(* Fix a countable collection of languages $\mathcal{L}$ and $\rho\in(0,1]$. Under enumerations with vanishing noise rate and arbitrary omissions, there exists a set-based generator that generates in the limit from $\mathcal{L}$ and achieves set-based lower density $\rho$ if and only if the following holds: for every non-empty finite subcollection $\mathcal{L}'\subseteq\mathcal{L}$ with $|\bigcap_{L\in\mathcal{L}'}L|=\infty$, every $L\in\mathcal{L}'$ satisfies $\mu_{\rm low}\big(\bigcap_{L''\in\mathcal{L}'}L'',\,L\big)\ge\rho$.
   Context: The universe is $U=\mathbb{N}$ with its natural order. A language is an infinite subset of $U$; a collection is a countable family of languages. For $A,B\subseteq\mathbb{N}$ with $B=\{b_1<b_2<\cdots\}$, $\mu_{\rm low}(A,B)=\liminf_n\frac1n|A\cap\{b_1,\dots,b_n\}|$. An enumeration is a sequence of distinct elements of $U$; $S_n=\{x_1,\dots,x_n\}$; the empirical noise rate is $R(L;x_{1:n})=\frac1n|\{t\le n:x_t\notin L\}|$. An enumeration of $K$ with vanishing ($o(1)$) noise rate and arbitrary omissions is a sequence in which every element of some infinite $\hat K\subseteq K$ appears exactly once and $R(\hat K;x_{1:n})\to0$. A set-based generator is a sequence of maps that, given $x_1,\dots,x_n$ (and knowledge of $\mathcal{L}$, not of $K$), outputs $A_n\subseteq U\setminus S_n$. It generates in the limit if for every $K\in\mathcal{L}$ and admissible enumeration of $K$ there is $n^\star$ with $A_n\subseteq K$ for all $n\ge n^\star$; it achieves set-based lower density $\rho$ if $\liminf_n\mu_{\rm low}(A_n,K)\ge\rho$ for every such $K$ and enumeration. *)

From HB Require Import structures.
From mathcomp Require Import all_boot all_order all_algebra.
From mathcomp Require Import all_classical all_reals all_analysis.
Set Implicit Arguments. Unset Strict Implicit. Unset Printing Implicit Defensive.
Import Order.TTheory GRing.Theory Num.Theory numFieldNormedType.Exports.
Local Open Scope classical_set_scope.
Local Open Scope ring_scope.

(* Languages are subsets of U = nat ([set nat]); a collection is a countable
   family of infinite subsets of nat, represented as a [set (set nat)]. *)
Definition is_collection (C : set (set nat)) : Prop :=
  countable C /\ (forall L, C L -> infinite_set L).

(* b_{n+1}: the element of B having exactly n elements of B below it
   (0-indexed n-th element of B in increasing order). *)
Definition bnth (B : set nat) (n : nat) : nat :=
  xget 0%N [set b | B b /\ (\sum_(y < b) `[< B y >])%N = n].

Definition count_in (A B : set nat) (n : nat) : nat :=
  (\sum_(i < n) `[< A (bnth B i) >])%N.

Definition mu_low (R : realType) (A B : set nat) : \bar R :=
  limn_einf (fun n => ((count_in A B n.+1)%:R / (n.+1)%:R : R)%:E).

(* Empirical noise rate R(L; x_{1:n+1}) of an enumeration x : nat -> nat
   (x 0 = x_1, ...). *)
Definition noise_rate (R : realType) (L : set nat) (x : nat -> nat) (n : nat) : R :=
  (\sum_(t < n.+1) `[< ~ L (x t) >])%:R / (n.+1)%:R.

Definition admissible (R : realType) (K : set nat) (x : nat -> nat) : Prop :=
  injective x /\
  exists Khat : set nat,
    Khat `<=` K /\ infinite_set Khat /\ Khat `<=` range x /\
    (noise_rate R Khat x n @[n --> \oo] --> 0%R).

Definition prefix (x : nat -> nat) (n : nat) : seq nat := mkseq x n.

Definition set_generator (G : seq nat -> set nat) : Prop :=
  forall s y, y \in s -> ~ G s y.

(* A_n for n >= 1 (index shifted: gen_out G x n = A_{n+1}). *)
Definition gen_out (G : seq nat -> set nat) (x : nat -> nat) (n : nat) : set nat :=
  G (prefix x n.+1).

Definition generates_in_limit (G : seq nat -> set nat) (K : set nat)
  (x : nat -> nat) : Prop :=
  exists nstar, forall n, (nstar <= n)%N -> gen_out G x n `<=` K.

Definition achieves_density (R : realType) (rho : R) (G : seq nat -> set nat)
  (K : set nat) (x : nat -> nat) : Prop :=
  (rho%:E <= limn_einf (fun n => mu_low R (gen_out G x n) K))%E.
----------
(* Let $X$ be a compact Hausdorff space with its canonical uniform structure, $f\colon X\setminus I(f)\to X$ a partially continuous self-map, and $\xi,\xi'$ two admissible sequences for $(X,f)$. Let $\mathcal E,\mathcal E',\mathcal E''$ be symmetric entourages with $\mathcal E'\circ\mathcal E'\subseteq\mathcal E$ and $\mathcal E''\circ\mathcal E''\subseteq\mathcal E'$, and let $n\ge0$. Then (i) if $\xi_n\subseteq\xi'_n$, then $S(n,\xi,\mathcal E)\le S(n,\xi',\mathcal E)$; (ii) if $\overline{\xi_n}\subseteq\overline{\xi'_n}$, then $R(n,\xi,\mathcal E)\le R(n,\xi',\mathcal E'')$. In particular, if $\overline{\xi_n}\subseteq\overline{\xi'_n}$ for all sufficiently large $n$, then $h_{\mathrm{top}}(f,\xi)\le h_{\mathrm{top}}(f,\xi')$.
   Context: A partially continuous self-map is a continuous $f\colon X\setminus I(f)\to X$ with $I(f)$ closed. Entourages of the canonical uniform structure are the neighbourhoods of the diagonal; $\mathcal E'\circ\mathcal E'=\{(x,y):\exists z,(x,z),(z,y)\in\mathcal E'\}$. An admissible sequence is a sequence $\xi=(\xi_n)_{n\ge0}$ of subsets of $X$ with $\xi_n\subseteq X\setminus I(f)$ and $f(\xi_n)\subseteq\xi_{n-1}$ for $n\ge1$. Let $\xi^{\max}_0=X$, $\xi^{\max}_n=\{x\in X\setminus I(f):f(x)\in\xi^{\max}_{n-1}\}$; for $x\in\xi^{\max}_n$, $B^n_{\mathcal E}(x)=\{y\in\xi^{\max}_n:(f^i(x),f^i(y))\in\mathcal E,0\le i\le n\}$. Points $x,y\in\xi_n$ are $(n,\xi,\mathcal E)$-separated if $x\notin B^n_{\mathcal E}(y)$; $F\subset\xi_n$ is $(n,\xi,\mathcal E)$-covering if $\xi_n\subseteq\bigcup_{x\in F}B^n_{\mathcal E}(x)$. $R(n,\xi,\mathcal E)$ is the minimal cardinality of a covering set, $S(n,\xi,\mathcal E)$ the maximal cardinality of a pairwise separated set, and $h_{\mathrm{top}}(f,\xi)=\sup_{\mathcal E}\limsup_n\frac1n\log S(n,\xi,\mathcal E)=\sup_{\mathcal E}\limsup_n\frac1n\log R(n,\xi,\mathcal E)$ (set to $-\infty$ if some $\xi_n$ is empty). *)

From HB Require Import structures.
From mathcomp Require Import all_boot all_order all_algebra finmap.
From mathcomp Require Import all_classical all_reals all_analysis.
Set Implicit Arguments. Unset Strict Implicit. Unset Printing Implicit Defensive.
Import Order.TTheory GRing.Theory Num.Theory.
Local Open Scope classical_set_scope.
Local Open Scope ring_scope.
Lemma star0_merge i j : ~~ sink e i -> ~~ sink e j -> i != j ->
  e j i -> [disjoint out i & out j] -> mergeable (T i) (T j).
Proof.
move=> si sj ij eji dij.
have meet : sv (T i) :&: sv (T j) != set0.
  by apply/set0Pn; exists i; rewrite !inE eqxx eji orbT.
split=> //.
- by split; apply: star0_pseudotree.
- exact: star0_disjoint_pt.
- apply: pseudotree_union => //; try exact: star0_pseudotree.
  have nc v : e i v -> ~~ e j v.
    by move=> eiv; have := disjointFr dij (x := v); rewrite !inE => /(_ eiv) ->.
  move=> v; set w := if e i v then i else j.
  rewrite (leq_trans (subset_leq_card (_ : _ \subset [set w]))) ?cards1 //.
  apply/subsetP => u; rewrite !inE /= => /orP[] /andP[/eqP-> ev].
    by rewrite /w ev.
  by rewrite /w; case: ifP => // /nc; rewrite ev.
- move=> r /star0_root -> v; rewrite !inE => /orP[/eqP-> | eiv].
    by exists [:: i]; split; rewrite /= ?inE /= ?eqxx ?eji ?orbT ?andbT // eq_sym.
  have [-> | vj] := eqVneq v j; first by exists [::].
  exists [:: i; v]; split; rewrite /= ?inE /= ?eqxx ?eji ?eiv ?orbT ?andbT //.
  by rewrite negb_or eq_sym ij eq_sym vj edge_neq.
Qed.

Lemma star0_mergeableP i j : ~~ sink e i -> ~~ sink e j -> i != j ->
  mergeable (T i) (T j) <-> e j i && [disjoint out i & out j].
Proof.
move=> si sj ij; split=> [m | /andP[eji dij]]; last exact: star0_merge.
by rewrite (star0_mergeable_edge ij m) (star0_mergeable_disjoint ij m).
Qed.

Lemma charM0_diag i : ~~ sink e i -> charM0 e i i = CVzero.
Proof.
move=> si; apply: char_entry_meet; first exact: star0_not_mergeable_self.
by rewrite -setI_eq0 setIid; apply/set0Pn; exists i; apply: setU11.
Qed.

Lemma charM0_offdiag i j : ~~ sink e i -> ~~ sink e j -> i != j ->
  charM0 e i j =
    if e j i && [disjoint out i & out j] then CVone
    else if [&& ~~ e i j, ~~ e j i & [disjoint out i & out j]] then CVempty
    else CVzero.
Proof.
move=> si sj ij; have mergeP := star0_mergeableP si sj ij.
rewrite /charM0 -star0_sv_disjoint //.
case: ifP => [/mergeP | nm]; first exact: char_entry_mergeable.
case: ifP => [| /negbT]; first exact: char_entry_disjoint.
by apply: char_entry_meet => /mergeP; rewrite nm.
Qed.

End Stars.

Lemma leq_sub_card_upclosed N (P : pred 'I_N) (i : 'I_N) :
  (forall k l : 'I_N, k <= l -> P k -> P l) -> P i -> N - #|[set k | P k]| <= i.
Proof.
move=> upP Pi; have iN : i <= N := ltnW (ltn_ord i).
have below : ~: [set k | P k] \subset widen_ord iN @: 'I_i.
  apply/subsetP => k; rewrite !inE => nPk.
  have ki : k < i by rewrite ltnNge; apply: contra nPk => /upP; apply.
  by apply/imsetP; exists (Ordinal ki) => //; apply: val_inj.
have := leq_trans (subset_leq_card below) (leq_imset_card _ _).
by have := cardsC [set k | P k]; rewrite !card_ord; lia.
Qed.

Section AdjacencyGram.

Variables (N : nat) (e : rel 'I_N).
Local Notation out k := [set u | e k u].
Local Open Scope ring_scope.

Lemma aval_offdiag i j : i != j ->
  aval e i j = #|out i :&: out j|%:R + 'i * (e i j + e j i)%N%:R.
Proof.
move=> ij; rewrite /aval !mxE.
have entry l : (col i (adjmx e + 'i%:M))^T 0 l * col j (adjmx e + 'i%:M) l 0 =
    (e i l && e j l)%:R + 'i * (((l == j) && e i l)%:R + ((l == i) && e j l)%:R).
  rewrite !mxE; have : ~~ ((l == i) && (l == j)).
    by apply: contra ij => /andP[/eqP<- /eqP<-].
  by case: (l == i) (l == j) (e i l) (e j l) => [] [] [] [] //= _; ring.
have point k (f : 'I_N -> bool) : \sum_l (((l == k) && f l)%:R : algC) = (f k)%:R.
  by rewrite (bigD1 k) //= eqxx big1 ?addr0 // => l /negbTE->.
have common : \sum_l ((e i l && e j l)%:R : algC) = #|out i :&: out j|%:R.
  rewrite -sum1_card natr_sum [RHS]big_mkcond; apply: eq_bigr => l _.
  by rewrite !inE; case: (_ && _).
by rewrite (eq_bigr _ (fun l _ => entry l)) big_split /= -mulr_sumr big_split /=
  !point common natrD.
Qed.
----------
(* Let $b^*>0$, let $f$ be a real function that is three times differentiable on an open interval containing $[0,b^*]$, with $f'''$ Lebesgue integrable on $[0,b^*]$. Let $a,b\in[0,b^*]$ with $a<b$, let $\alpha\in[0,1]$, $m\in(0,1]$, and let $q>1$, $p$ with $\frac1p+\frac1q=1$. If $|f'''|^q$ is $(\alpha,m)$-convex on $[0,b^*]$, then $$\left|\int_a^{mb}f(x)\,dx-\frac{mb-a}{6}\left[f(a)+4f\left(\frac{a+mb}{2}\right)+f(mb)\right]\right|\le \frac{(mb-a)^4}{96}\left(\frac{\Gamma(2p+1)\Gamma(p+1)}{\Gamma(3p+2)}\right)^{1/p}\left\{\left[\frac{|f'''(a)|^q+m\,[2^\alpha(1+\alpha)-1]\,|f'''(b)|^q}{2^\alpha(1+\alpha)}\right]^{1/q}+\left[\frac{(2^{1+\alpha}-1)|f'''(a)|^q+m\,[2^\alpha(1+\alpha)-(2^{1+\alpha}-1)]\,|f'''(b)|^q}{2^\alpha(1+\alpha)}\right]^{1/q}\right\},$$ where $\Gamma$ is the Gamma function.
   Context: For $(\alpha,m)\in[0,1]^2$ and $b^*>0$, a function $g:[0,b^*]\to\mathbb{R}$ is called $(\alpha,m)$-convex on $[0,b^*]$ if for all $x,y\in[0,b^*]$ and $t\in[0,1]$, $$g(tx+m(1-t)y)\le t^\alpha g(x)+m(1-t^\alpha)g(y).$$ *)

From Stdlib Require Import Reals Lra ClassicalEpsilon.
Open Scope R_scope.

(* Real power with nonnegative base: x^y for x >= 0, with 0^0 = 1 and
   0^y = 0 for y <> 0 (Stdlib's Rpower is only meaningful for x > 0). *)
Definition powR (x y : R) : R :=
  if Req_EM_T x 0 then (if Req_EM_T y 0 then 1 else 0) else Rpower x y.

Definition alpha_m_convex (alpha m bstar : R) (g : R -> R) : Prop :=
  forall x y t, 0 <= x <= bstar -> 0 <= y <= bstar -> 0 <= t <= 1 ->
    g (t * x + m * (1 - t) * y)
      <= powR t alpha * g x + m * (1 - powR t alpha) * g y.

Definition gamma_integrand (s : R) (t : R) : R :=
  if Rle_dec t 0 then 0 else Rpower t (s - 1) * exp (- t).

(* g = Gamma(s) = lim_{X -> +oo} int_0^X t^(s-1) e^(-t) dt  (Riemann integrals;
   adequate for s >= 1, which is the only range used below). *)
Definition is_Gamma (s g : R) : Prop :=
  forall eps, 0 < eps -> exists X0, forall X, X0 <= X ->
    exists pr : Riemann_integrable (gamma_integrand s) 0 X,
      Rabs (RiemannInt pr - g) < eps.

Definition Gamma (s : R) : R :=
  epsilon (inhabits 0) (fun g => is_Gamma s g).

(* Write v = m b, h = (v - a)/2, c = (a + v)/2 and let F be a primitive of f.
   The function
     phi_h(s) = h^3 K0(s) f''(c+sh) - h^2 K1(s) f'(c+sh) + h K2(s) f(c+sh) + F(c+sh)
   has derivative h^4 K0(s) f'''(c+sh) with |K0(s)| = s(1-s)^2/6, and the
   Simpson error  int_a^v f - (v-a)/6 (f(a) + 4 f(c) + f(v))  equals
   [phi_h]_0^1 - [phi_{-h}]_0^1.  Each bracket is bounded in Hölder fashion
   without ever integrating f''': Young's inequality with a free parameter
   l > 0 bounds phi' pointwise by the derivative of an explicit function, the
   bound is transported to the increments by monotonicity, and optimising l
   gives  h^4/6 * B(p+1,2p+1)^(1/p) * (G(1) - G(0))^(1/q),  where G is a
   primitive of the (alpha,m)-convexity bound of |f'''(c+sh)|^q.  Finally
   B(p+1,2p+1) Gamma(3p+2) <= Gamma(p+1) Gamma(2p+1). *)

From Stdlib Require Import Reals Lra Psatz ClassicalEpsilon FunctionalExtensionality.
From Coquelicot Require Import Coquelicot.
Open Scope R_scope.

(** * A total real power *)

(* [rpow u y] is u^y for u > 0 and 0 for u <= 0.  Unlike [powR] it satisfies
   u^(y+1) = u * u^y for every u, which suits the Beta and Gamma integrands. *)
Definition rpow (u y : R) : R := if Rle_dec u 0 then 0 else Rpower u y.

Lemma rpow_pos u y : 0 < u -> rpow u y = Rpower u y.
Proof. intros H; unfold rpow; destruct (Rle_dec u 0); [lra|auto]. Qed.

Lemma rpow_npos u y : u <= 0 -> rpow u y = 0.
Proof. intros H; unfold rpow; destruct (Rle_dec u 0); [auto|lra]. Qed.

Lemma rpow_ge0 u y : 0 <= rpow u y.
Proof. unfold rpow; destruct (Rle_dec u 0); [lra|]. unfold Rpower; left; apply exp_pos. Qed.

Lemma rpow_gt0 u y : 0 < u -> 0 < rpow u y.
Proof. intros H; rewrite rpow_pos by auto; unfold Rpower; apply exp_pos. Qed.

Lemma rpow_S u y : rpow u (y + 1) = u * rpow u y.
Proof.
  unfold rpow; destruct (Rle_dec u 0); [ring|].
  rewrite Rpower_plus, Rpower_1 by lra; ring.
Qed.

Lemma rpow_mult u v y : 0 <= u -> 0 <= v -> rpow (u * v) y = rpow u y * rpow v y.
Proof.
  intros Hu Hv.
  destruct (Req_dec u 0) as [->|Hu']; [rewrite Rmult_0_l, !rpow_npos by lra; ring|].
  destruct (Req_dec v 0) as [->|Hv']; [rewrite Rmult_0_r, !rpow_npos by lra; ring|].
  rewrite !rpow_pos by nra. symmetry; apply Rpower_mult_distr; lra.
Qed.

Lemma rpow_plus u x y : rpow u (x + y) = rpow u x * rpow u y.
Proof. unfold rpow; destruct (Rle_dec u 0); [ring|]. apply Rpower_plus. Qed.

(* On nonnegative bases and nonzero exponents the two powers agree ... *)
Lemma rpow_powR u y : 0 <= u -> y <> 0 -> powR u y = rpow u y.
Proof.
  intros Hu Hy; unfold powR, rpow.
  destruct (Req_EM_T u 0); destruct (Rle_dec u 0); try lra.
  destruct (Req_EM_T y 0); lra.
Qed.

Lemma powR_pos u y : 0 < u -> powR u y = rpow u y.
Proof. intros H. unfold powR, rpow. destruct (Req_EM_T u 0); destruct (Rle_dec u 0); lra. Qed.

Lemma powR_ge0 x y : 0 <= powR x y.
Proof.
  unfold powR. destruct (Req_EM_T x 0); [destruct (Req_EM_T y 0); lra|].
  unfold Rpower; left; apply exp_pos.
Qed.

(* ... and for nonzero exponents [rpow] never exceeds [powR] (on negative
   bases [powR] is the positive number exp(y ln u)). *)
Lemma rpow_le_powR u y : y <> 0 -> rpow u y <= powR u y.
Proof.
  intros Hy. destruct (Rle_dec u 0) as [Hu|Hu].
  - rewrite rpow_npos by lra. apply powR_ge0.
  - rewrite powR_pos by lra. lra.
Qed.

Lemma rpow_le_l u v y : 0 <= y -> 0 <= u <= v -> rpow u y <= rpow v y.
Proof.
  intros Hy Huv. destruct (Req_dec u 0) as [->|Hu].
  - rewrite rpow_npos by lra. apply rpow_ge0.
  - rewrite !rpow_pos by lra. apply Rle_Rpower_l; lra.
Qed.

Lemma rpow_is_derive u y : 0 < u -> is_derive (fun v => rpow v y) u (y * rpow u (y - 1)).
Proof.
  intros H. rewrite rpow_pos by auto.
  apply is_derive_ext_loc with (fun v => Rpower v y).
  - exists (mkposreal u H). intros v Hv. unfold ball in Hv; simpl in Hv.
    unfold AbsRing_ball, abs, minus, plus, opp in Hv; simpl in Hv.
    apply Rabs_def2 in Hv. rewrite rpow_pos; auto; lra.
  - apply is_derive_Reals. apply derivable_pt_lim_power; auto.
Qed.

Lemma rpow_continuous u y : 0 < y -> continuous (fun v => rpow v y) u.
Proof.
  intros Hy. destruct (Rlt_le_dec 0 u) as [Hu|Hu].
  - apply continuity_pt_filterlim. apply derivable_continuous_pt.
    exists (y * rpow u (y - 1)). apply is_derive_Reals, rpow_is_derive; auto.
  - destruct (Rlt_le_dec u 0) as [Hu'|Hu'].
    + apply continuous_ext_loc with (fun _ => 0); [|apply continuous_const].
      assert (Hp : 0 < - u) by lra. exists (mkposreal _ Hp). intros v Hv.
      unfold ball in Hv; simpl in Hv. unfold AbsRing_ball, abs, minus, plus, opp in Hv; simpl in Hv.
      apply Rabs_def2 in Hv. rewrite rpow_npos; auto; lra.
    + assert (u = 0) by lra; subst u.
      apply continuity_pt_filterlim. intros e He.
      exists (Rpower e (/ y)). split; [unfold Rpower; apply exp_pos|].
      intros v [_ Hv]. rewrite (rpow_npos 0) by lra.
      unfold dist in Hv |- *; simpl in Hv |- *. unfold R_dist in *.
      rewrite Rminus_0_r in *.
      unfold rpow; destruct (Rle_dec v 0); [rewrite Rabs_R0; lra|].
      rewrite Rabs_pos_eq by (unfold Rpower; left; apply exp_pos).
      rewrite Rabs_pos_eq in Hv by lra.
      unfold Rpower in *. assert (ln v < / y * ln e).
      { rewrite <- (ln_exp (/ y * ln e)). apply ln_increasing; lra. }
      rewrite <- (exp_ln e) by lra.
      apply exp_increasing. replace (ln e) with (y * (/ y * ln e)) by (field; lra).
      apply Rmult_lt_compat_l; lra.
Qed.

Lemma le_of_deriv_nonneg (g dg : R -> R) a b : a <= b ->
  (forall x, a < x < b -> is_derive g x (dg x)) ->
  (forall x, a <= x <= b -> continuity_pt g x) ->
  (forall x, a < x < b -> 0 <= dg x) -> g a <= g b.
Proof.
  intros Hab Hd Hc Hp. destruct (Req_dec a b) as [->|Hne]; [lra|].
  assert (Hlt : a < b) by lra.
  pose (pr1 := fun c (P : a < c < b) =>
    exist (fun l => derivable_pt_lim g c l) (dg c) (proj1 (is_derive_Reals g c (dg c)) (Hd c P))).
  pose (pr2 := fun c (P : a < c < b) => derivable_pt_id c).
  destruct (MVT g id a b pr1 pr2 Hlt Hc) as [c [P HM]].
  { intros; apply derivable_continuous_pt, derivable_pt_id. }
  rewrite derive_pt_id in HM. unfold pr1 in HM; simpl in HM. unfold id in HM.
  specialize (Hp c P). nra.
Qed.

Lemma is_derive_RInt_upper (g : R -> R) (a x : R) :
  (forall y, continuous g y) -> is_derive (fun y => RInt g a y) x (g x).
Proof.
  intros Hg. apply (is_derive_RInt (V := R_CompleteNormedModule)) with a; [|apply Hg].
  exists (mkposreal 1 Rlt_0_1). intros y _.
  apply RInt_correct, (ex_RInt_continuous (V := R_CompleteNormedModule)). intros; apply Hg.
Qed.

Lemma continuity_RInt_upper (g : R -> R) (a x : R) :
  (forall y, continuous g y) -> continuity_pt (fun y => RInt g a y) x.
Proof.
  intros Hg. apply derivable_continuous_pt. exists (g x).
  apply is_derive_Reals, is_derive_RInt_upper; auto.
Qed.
----------
*What you should do*
Your answer should be the lines above that contain the word "bases", copied out.

*Output*
(* On nonnegative bases and nonzero exponents the two powers agree ... *)
   bases [powR] is the positive number exp(y ln u)). *)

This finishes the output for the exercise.